## EXERCISE INPUT
───
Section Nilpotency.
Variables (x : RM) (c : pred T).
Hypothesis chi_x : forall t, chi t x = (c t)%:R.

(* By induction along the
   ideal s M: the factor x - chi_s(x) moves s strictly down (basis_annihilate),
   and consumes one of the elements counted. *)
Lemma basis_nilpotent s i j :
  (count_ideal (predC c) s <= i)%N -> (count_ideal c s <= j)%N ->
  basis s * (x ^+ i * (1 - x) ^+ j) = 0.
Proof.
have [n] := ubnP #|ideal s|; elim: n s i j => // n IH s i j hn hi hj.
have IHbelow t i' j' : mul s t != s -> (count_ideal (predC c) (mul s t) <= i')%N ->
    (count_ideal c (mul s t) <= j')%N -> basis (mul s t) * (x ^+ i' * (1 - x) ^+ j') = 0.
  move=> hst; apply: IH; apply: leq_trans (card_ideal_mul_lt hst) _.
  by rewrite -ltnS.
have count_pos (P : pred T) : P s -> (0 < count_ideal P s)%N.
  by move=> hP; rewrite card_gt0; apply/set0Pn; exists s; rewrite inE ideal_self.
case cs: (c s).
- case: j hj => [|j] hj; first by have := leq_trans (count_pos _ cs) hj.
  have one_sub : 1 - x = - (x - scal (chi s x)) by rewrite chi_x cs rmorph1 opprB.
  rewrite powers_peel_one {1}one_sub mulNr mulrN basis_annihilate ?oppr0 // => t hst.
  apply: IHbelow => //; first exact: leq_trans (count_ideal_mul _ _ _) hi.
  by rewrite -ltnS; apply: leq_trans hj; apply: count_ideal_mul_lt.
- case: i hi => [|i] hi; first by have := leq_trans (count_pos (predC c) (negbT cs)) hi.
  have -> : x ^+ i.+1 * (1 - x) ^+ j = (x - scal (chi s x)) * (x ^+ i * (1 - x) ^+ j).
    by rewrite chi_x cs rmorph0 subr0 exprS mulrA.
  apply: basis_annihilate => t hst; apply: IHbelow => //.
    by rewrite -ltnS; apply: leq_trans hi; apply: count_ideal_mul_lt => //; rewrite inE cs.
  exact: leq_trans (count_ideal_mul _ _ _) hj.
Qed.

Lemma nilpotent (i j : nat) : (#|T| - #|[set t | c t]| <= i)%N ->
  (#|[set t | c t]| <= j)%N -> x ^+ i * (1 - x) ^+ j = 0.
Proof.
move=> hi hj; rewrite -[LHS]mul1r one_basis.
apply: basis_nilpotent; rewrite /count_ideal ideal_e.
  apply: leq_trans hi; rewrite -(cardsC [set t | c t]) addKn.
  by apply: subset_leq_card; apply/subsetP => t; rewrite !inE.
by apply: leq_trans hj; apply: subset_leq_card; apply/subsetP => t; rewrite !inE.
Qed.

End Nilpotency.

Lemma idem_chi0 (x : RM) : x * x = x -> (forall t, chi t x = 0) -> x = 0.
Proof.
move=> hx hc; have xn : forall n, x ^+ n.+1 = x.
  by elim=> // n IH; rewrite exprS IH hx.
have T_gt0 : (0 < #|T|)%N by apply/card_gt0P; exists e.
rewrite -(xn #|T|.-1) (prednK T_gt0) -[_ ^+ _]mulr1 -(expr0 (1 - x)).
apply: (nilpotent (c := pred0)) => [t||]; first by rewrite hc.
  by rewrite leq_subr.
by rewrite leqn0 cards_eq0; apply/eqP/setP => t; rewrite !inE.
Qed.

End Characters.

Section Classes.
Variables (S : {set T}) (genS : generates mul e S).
───
## WHAT THE EXERCISE ASKS
Output each record precisely as written.

## EXPECTED OUTPUT
Section Nilpotency.
Variables (x : RM) (c : pred T).
Hypothesis chi_x : forall t, chi t x = (c t)%:R.

(* By induction along the
   ideal s M: the factor x - chi_s(x) moves s strictly down (basis_annihilate),
   and consumes one of the elements counted. *)
Lemma basis_nilpotent s i j :
  (count_ideal (predC c) s <= i)%N -> (count_ideal c s <= j)%N ->
  basis s * (x ^+ i * (1 - x) ^+ j) = 0.
Proof.
have [n] := ubnP #|ideal s|; elim: n s i j => // n IH s i j hn hi hj.
have IHbelow t i' j' : mul s t != s -> (count_ideal (predC c) (mul s t) <= i')%N ->
    (count_ideal c (mul s t) <= j')%N -> basis (mul s t) * (x ^+ i' * (1 - x) ^+ j') = 0.
  move=> hst; apply: IH; apply: leq_trans (card_ideal_mul_lt hst) _.
  by rewrite -ltnS.
have count_pos (P : pred T) : P s -> (0 < count_ideal P s)%N.
  by move=> hP; rewrite card_gt0; apply/set0Pn; exists s; rewrite inE ideal_self.
case cs: (c s).
- case: j hj => [|j] hj; first by have := leq_trans (count_pos _ cs) hj.
  have one_sub : 1 - x = - (x - scal (chi s x)) by rewrite chi_x cs rmorph1 opprB.
  rewrite powers_peel_one {1}one_sub mulNr mulrN basis_annihilate ?oppr0 // => t hst.
  apply: IHbelow => //; first exact: leq_trans (count_ideal_mul _ _ _) hi.
  by rewrite -ltnS; apply: leq_trans hj; apply: count_ideal_mul_lt.
- case: i hi => [|i] hi; first by have := leq_trans (count_pos (predC c) (negbT cs)) hi.
  have -> : x ^+ i.+1 * (1 - x) ^+ j = (x - scal (chi s x)) * (x ^+ i * (1 - x) ^+ j).
    by rewrite chi_x cs rmorph0 subr0 exprS mulrA.
  apply: basis_annihilate => t hst; apply: IHbelow => //.
    by rewrite -ltnS; apply: leq_trans hi; apply: count_ideal_mul_lt => //; rewrite inE cs.
  exact: leq_trans (count_ideal_mul _ _ _) hj.
Qed.

Lemma nilpotent (i j : nat) : (#|T| - #|[set t | c t]| <= i)%N ->
  (#|[set t | c t]| <= j)%N -> x ^+ i * (1 - x) ^+ j = 0.
Proof.
move=> hi hj; rewrite -[LHS]mul1r one_basis.
apply: basis_nilpotent; rewrite /count_ideal ideal_e.
  apply: leq_trans hi; rewrite -(cardsC [set t | c t]) addKn.
  by apply: subset_leq_card; apply/subsetP => t; rewrite !inE.
by apply: leq_trans hj; apply: subset_leq_card; apply/subsetP => t; rewrite !inE.
Qed.

End Nilpotency.

Lemma idem_chi0 (x : RM) : x * x = x -> (forall t, chi t x = 0) -> x = 0.
Proof.
move=> hx hc; have xn : forall n, x ^+ n.+1 = x.
  by elim=> // n IH; rewrite exprS IH hx.
have T_gt0 : (0 < #|T|)%N by apply/card_gt0P; exists e.
rewrite -(xn #|T|.-1) (prednK T_gt0) -[_ ^+ _]mulr1 -(expr0 (1 - x)).
apply: (nilpotent (c := pred0)) => [t||]; first by rewrite hc.
  by rewrite leq_subr.
by rewrite leqn0 cards_eq0; apply/eqP/setP => t; rewrite !inE.
Qed.

End Characters.

Section Classes.
Variables (S : {set T}) (genS : generates mul e S).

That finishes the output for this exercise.